Local option / resources available but I kept it real, as he called this thread "10 minutes in the Street".

Another typical downfall is getting crazy and telling a dispatcher to skip alarms. If anyobody is skipping and striking an automatic four alarms is setting themselves up for failure from mass chaos when all four alarms arrive together...
Easy answer to this one - designate a Level II staging area, have the additional alarms report there, and move apparatus from the Staging Area to the scene as needed.
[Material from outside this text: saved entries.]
(* Elements of M^*(S) = Hom_S(M_|S, S-cal).  An S-algebra is represented
   as an R-algebra T together with an R-algebra morphism u : S -> T;
   S-cal(T) = S (x)_S T = T. *)
Record dual_elt (R : comPzRingType) (M : rmodule R) (S : ralg R) := DualElt {
  dw : forall (T : ralg R), ralg_hom S T -> rm_obj M T -> T;
  dw_add : forall (T : ralg R) (u : ralg_hom S T) (x y : rm_obj M T),
      dw u (x + y) = dw u x + dw u y;
  dw_scale : forall (T : ralg R) (u : ralg_hom S T) (t : T) (x : rm_obj M T),
      dw u (t *: x) = t * dw u x;
  dw_nat : forall (T T' : ralg R) (u : ralg_hom S T) (u' : ralg_hom S T')
      (g : ralg_hom T T'), (forall s, g (u s) = u' s) ->
      forall x, dw u' (rm_map M g x) = g (dw u x) }.

Definition dual_res (R : comPzRingType) (M : rmodule R) (S : ralg R)
  (w : dual_elt M S) (m : rm_obj M (ralgR R)) : S :=
  dw w (id_hom S) (rm_map M (str_hom S) m).

Definition dually_separated (R : comPzRingType) (M : rmodule R) : Prop :=
  forall (S : ralg R) (w w' : dual_elt M S),
    (forall m, dual_res w m = dual_res w' m) ->
    forall (T : ralg R) (u : ralg_hom S T) (x : rm_obj M T), dw w u x = dw w' u x.

(* The canonical map M(R) -> M(S) exhibits M(S) as M(R) (x)_R S
   (universal property of extension of scalars). *)
Definition qc_at (R : comPzRingType) (M : rmodule R) (S : ralg R) : Prop :=
  forall (P : lmodType S) (phi : rm_obj M (ralgR R) -> P),
    (forall x y, phi (x + y) = phi x + phi y) ->
    (forall (r : R) x, phi (r *: x) = ralg_str S r *: phi x) ->
    exists psi : rm_obj M S -> P,
      [/\ (forall x y, psi (x + y) = psi x + psi y),
          (forall (s : S) x, psi (s *: x) = s *: psi x),
          (forall m, psi (rm_map M (str_hom S) m) = phi m) &
          (forall psi' : rm_obj M S -> P,
              (forall x y, psi' (x + y) = psi' x + psi' y) ->
              (forall (s : S) x, psi' (s *: x) = s *: psi' x) ->
              (forall m, psi' (rm_map M (str_hom S) m) = phi m) ->
              forall x, psi' x = psi x)].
It works unless the company officers are completely undisciplined, in which case you have bigger problems that just making tactical assignments.
Here are the simple things to start your tactical gears grinding;
• What is the main goal of your initial IAP? Extinguishment
• What needs to be determined First?Life Hazard
• What are the first series of Strategic Objectives and Assignments?Extinguishment /Life Hazard
• What would be the first series of Tactical Level Assignments be?Standard Operating Procedure (1st Engine to the front ; 2nd Engine to the rear ; 3rd Engine pick up 1st Engines hydrant ; 4th Engine pick up 2nd Engines hydrant ; 5th Engine lay-out from an independent hydrant and advance a line to the front for the RIC ; 1st Truck to the front ; 2nd Truck to the rear ; 3rd Truck RIC ; Rescue Squad to the front
• What are the realistic resource needs required for this incident?kind of a trick question...not exactly sure what you are looking for
• What’s your incident management organizational structure going to look like?Incident Commander/Operations (may or may not be the same person) . Attack Group . Vent Group . Rescue Group . RIC Group . EMS Group
• Assuming the degree of fire present now upon your arrival, what do you expect the required fire flow to be sixty minutes from now?0
• What are the safety issues that you’re planning for?kind of another trick question
• What are you going to do about the exposures?send Companies to check them
• When confronted with a fire of this magnitude, what do you think are some of the major considerations that a large scale fire might involve?additional alarm
Yes Ben I used Level II staging in my reply, yes it does work. Many department's use it so in-frequently that it is unpracticed or just forgotten.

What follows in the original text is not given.